(* Let $(\Omega,\mathcal F,P)$ be a probability space and let $(X_x)_{x\in\mathbb{R}}$ be a jointly measurable family of non-negative random variables which are identically distributed and non-trivial (i.e. $P(X_x>0)>0$). Let $f:\mathbb{R}\to[0,\infty)$ be measurable. If $P\big(\int_{\mathbb{R}} f(x)X_x\,dx<\infty\big)=1$, then $\int_{\mathbb{R}} f(x)\,dx<\infty$. *)

From HB Require Import structures.
From mathcomp Require Import all_boot all_order all_algebra.
From mathcomp Require Import all_classical all_reals all_analysis.
Set Implicit Arguments. Unset Strict Implicit. Unset Printing Implicit Defensive.
Import Order.TTheory GRing.Theory Num.Theory.
Local Open Scope classical_set_scope.
Local Open Scope ring_scope.

Definition identically_distributed (d : measure_display) (T : measurableType d)
  (R : realType) (P : probability T R) (I : Type) (X : I -> T -> R) : Prop :=
  forall (x y : I) (B : set R), measurable B ->
    P (X x @^-1` B) = P (X y @^-1` B).

From HB Require Import structures.
From mathcomp Require Import all_boot all_order all_algebra.
From mathcomp Require Import all_classical all_reals all_analysis.
From mathcomp Require Import lra measurable_realfun.
(* Identical distribution and non-triviality give one level delta > 0 with
   P(X_x > delta) = p > 0 for every x, and a.s. finiteness of
   Y = int f(x) X_x dx gives M with P(Y <= M) > 1 - p/2.  On A = {Y <= M}
   Bonferroni yields P(A /\ X_x > delta) >= p/2, so by Tonelli
   (p/2) int f <= E[1_A int f(x) 1_{X_x > delta} dx] <= E[1_A Y] / delta
   <= M / delta. *)

Set Implicit Arguments.
Unset Strict Implicit.
Unset Printing Implicit Defensive.

Import Order.TTheory GRing.Theory Num.Theory.
Local Open Scope classical_set_scope.
Local Open Scope ring_scope.

Section measure_lemmas.
Context d (T : measurableType d) (R : realType).

Lemma nondecreasing_bigcup_measure_gt (mu : {measure set T -> \bar R})
    (E : nat -> set T) (a : \bar R) :
  (forall n, measurable (E n)) -> nondecreasing_seq E ->
  (a < mu (\bigcup_n E n))%E -> exists n, (a < mu (E n))%E.
Proof.
move=> mE ndE.
have mUE : measurable (\bigcup_n E n) by exact: bigcupT_measurable.
have ndmuE : {homo mu \o E : m n / (m <= n)%N >-> (m <= n)%E}.
  by move=> m n mn; apply: le_measure; rewrite ?inE //; exact/subsetPset/ndE.
have -> : mu (\bigcup_n E n) = ereal_sup (range (mu \o E)).
  apply: (cvg_unique (@ereal_hausdorff R) (nondecreasing_cvg_mu mE mUE ndE)).
  exact: ereal_nondecreasing_cvgn.
by move=> /ereal_sup_gt [_ [n _ <-]]; exists n.
Qed.

Lemma measure_level_gt0 (mu : {measure set T -> \bar R}) (g : T -> R) :
  measurable_fun setT g -> (0 < mu [set w | (0 < g w)%R])%E ->
  exists2 delta : R, 0 < delta & (0 < mu (g @^-1` `]delta, +oo[))%E.
Proof.
move=> mg; pose E n := g @^-1` `](n.+1%:R)^-1, +oo[.
have mE n : measurable (E n).
  by rewrite -[E n]setTI; apply: mg => //; exact: measurable_itv.
have ndE : nondecreasing_seq E.
  move=> m n mn; apply/subsetPset => w.
  rewrite /E /preimage /= !in_itv /= !andbT.
  by apply: le_lt_trans; rewrite lef_pV2 ?posrE // ler_nat ltnS.
have -> : [set w | 0 < g w] = \bigcup_n E n.
  apply/seteqP; split=> w /=; last first.
    by move=> [n _]; rewrite /E /preimage /= in_itv /= andbT; apply: lt_trans.
  move=> gw; exists (Num.Def.truncn (g w)^-1) => //.
  rewrite /E /preimage /= in_itv /= andbT -[X in _ < X]invrK.
  by rewrite ltf_pV2 ?posrE ?invr_gt0 // truncnS_gt.
case/(nondecreasing_bigcup_measure_gt mE ndE) => n muEn.
by exists (n.+1%:R)^-1; rewrite ?invr_gt0.
Qed.

Lemma integral_indic_level_le (mu : {measure set T -> \bar R}) (h g : T -> R)
    (delta : R) :
  measurable_fun setT h -> measurable_fun setT g ->
  (forall x, 0 <= h x) -> (forall x, 0 <= g x) -> 0 < delta ->
  (\int[mu]_x (h x * \1_`]delta, +oo[ (g x))%:E <=
   delta^-1%:E * \int[mu]_x (h x * g x)%:E)%E.
Proof.
move=> mh mg h_ge0 g_ge0 delta_gt0.
have mhg : measurable_fun setT (fun x => (h x * g x)%:E).
  by apply/measurable_EFinP; exact: measurable_funM.
rewrite -ge0_integralZl //; last 2 first.
- by move=> x _; rewrite lee_fin mulr_ge0.
- by rewrite lee_fin invr_ge0 ltW.
apply: ge0_le_integral => //.
- by move=> x _; rewrite lee_fin mulr_ge0 // indicE.
- apply/measurable_EFinP; apply: measurable_funM => //.
  by apply: measurableT_comp mg; apply: measurable_indic; exact: measurable_itv.
- exact: measurable_funeM.
move=> x _; rewrite -EFinM lee_fin indicE /=.
have [delta_lt_gx|gx_le_delta] := ltP delta (g x).
  rewrite mem_set /=; last by rewrite in_itv /= andbT.
  by rewrite mulr1n mulr1 mulrCA ler_peMr // ler_pdivlMl // mulr1 ltW.
rewrite memNset /=; last by rewrite in_itv /= andbT ltNge gx_le_delta.
by rewrite mulr0 !mulr_ge0 // invr_ge0 ltW.
Qed.

End measure_lemmas.

Section probability_lemmas.
Context d (T : measurableType d) (R : realType) (P : probability T R).

Let probability_fineK {A : set T} : measurable A -> P A = (fine (P A))%:E.
Proof. by move=> mA; rewrite fineK // fin_num_measure. Qed.

Lemma probability_setI_ge (A B : set T) :
  measurable A -> measurable B -> (P A + P B - 1 <= P (A `&` B))%E.
Proof.
move=> mA mB.
have mBA : measurable (B `\` A) by exact: measurableD.
have mAB : measurable (A `&` B) by exact: measurableI.
have PB : P B = (P (B `\` A) + P (A `&` B))%E.
  by rewrite setIC; exact: measureDI.
have PBA : (P (B `\` A) <= 1 - P A)%E.
  rewrite -probability_setC //; apply: le_measure; rewrite ?inE //.
  exact: measurableC.
move: PBA; rewrite PB (probability_fineK mA) (probability_fineK mBA).
rewrite (probability_fineK mAB) -[1%E]/(1%:E) -!EFinD !lee_fin; lra.
Qed.

Lemma probability_finite_tight (Y : T -> \bar R) (eps : R) :
  measurable_fun setT Y -> P [set w | (Y w < +oo)%E] = 1%E -> 0 < eps ->
  exists2 M : R, 0 <= M & ((1 - eps)%:E < P [set w | (Y w <= M%:E)%E])%E.
Proof.
move=> mY PYfin eps_gt0; pose A n := [set w | (Y w <= n%:R%:E)%E].
have mA n : measurable (A n).
  by rewrite -[A n]setTI; exact: measurable_lee mY (measurable_cst _).
have ndA : nondecreasing_seq A.
  move=> m n mn; apply/subsetPset => w; rewrite /A /= => /le_trans; apply.
  by rewrite lee_fin ler_nat.
have UA : \bigcup_n A n = [set w | (Y w < +oo)%E].
  apply/seteqP; split=> w /=.
    by move=> [n _]; rewrite /A /= => /le_lt_trans; apply; rewrite ltry.
  case Yw: (Y w) => [r| |] // _.
    exists (Num.Def.truncn r).+1 => //.
    by rewrite /A /= Yw lee_fin ltW ?truncnS_gt.
  by exists 0%N => //; rewrite /A /= Yw leNye.
have : ((1 - eps)%:E < P (\bigcup_n A n))%E by rewrite UA PYfin lte_fin; lra.
by case/(nondecreasing_bigcup_measure_gt mA ndA) => n; exists n%:R.
Qed.

End probability_lemmas.

Section tonelli_level.
Context d1 d2 (T1 : measurableType d1) (T2 : measurableType d2) (R : realType).
Variables (mu : {sigma_finite_measure set T1 -> \bar R}) (P : probability T2 R).
Variables (X : T1 -> T2 -> R) (f : T1 -> R).
Hypothesis mX : measurable_fun setT (fun z : T1 * T2 => X z.1 z.2).
Hypothesis X_ge0 : forall x w, 0 <= X x w.
Hypothesis mf : measurable_fun setT f.
Hypothesis f_ge0 : forall x, 0 <= f x.

Lemma integral_level_bound (A : set T2) (delta c M : R) :
  measurable A -> 0 < delta -> 0 <= c -> 0 <= M ->
  (forall x, c%:E <= P (A `&` X x @^-1` `]delta, +oo[))%E ->
  (forall w, A w -> \int[mu]_x (f x * X x w)%:E <= M%:E)%E ->
  (c%:E * \int[mu]_x (f x)%:E <= (M / delta)%:E)%E.
Proof.
move=> mA delta_gt0 c_ge0 M_ge0 PA_ge YA_le.
have mI : measurable (`]delta, +oo[ : set R) by exact: measurable_itv.
have mAX x : measurable (A `&` X x @^-1` `]delta, +oo[).
  apply: measurableI => //; rewrite -[_ @^-1` _]setTI.
  exact: (measurableT_comp mX (pair1_measurable x)).
pose g z := (f z.1 * \1_A z.2 * \1_`]delta, +oo[ (X z.1 z.2))%:E.
have mg : measurable_fun setT g.
  apply/measurable_EFinP; apply: measurable_funM; first apply: measurable_funM.
  - exact: measurableT_comp mf measurable_fst.
  - by apply: measurableT_comp measurable_snd; exact: measurable_indic.
  - by apply: measurableT_comp mX; exact: measurable_indic.
have g_ge0 z : (0 <= g z)%E by rewrite lee_fin !mulr_ge0.
have gP x :
    (\int[P]_w g (x, w) = (f x)%:E * P (A `&` X x @^-1` `]delta, +oo[))%E.
  have indicAI w : \1_A w * \1_`]delta, +oo[ (X x w) =
      \1_(A `&` X x @^-1` `]delta, +oo[) w :> R by rewrite indicI.
  under eq_integral => w _ do rewrite /g /= -mulrA indicAI EFinM.
  rewrite ge0_integralZl ?lee_fin // ?integral_indic ?setIT //.
  by apply/measurable_EFinP; exact: measurable_indic.
have gmu w : (\int[mu]_x g (x, w) <= (M / delta)%:E)%E.
  have [Aw|nAw] := pselect (A w); last first.
    rewrite integral0_eq ?lee_fin ?divr_ge0 ?(ltW delta_gt0) // => x _.
    by rewrite /g indicE memNset ?mulr0 ?mul0r.
  under eq_integral => x _ do rewrite /g /= indicE mem_set // mulr1.
  apply: le_trans (integral_indic_level_le _ mf _ f_ge0 _ delta_gt0) _ => //.
    exact: (measurableT_comp mX (pair2_measurable w)).
  by rewrite mulrC EFinM lee_wpmul2l ?YA_le // lee_fin invr_ge0 ltW.
have mgP : measurable_fun setT (fun x => \int[P]_w g (x, w))%E.
  exact: measurable_fun_fubini_tonelli_F.
apply: (@le_trans _ _ (\int[mu]_x \int[P]_w g (x, w))%E).
  rewrite -ge0_integralZl //; last 2 first.
  - exact/measurable_EFinP.
  - by move=> x _; rewrite lee_fin.
  apply: ge0_le_integral => //.
  - by move=> x _; rewrite -EFinM lee_fin mulr_ge0.
  - exact/measurable_funeM/measurable_EFinP.
  by move=> x _; rewrite gP muleC lee_wpmul2l ?lee_fin.
rewrite fubini_tonelli //.
apply: (@le_trans _ _ (\int[P]_w (M / delta)%:E)%E).
  apply: ge0_le_integral => //.
  - by move=> w _; exact: integral_ge0.
  - exact: measurable_fun_fubini_tonelli_G.
rewrite integral_cst // (_ : _ [set: T2] = 1%E) ?mule1 //.
exact: probability_setT.
Qed.

End tonelli_level.

Theorem lemma1 (R : realType) (d : measure_display) (T : measurableType d)
  (P : probability T R) (X : R -> T -> R) (f : R -> R)
  (hXmeas : measurable_fun setT (fun p : R * T => X p.1 p.2))
  (hXnn : forall x w, 0 <= X x w)
  (hXid : identically_distributed P X)
  (hXnt : forall x, (0 < P [set w | (0 < X x w)%R])%E)
  (hfmeas : measurable_fun setT f)
  (hfnn : forall x, 0 <= f x)
  (hfin : P [set w | (\int[lebesgue_measure]_x (f x * X x w)%:E < +oo)%E] = 1%E) :
  (\int[lebesgue_measure]_x (f x)%:E < +oo)%E.
Proof.
have mXx x : measurable_fun setT (X x).
  exact: measurableT_comp hXmeas (pair1_measurable x).
have [delta delta_gt0 PX0_gt0] := measure_level_gt0 (mXx 0) (hXnt 0).
have mB x : measurable (X x @^-1` `]delta, +oo[).
  by rewrite -[_ @^-1` _]setTI; apply: mXx => //; exact: measurable_itv.
pose p := fine (P (X 0 @^-1` `]delta, +oo[)).
have PB x : P (X x @^-1` `]delta, +oo[) = p%:E.
  by rewrite (hXid x 0) ?fineK ?fin_num_measure //; exact: measurable_itv.
have p_gt0 : 0 < p by rewrite -lte_fin -(PB 0).
pose Y w := (\int[lebesgue_measure]_x (f x * X x w)%:E)%E.
have mfX : measurable_fun setT (fun z : R * T => (f z.1 * X z.1 z.2)%:E).
  apply/measurable_EFinP; apply: measurable_funM => //.
  exact: measurableT_comp hfmeas measurable_fst.
have mY : measurable_fun setT Y.
  apply: (measurable_fun_fubini_tonelli_G (m1 := lebesgue_measure) _ mfX).
  by move=> z; rewrite lee_fin mulr_ge0.
have p2_gt0 : 0 < p / 2 by rewrite divr_gt0.
have [M M_ge0 PA_gt] := probability_finite_tight mY hfin p2_gt0.
set A := [set w | (Y w <= M%:E)%E] in PA_gt.
have mA : measurable A.
  by rewrite -[A]setTI; exact: measurable_lee mY (measurable_cst _).
have PAB x : ((p / 2)%:E <= P (A `&` X x @^-1` `]delta, +oo[))%E.
  apply: le_trans (probability_setI_ge P mA (mB x)).
  move: PA_gt; rewrite PB -(fineK (fin_num_measure P _ mA)) -[1%E]/(1%:E).
  by rewrite -!EFinD !lte_fin lee_fin => ?; lra.
have := integral_level_bound (mu := lebesgue_measure) hXmeas hXnn hfmeas hfnn
  mA delta_gt0 (ltW p2_gt0) M_ge0 PAB (fun w Aw => Aw).
rewrite ltey; apply: contraTN => /eqP ->.
by rewrite gt0_muley ?lte_fin // leye_eq.
Qed.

TASK TO CARRY OUT >> Only those lines of the entries above that run from the line containing "have PBA : (P" to the line containing "have mI : measurable", both included, should be transcribed exactly.

ANSWER FOR THIS EXERCISE >>
have PBA : (P (B `\` A) <= 1 - P A)%E.
  rewrite -probability_setC //; apply: le_measure; rewrite ?inE //.
  exact: measurableC.
move: PBA; rewrite PB (probability_fineK mA) (probability_fineK mBA).
rewrite (probability_fineK mAB) -[1%E]/(1%:E) -!EFinD !lee_fin; lra.
Qed.

Lemma probability_finite_tight (Y : T -> \bar R) (eps : R) :
  measurable_fun setT Y -> P [set w | (Y w < +oo)%E] = 1%E -> 0 < eps ->
  exists2 M : R, 0 <= M & ((1 - eps)%:E < P [set w | (Y w <= M%:E)%E])%E.
Proof.
move=> mY PYfin eps_gt0; pose A n := [set w | (Y w <= n%:R%:E)%E].
have mA n : measurable (A n).
  by rewrite -[A n]setTI; exact: measurable_lee mY (measurable_cst _).
have ndA : nondecreasing_seq A.
  move=> m n mn; apply/subsetPset => w; rewrite /A /= => /le_trans; apply.
  by rewrite lee_fin ler_nat.
have UA : \bigcup_n A n = [set w | (Y w < +oo)%E].
  apply/seteqP; split=> w /=.
    by move=> [n _]; rewrite /A /= => /le_lt_trans; apply; rewrite ltry.
  case Yw: (Y w) => [r| |] // _.
    exists (Num.Def.truncn r).+1 => //.
    by rewrite /A /= Yw lee_fin ltW ?truncnS_gt.
  by exists 0%N => //; rewrite /A /= Yw leNye.
have : ((1 - eps)%:E < P (\bigcup_n A n))%E by rewrite UA PYfin lte_fin; lra.
by case/(nondecreasing_bigcup_measure_gt mA ndA) => n; exists n%:R.
Qed.

End probability_lemmas.

Section tonelli_level.
Context d1 d2 (T1 : measurableType d1) (T2 : measurableType d2) (R : realType).
Variables (mu : {sigma_finite_measure set T1 -> \bar R}) (P : probability T2 R).
Variables (X : T1 -> T2 -> R) (f : T1 -> R).
Hypothesis mX : measurable_fun setT (fun z : T1 * T2 => X z.1 z.2).
Hypothesis X_ge0 : forall x w, 0 <= X x w.
Hypothesis mf : measurable_fun setT f.
Hypothesis f_ge0 : forall x, 0 <= f x.

Lemma integral_level_bound (A : set T2) (delta c M : R) :
  measurable A -> 0 < delta -> 0 <= c -> 0 <= M ->
  (forall x, c%:E <= P (A `&` X x @^-1` `]delta, +oo[))%E ->
  (forall w, A w -> \int[mu]_x (f x * X x w)%:E <= M%:E)%E ->
  (c%:E * \int[mu]_x (f x)%:E <= (M / delta)%:E)%E.
Proof.
move=> mA delta_gt0 c_ge0 M_ge0 PA_ge YA_le.
have mI : measurable (`]delta, +oo[ : set R) by exact: measurable_itv.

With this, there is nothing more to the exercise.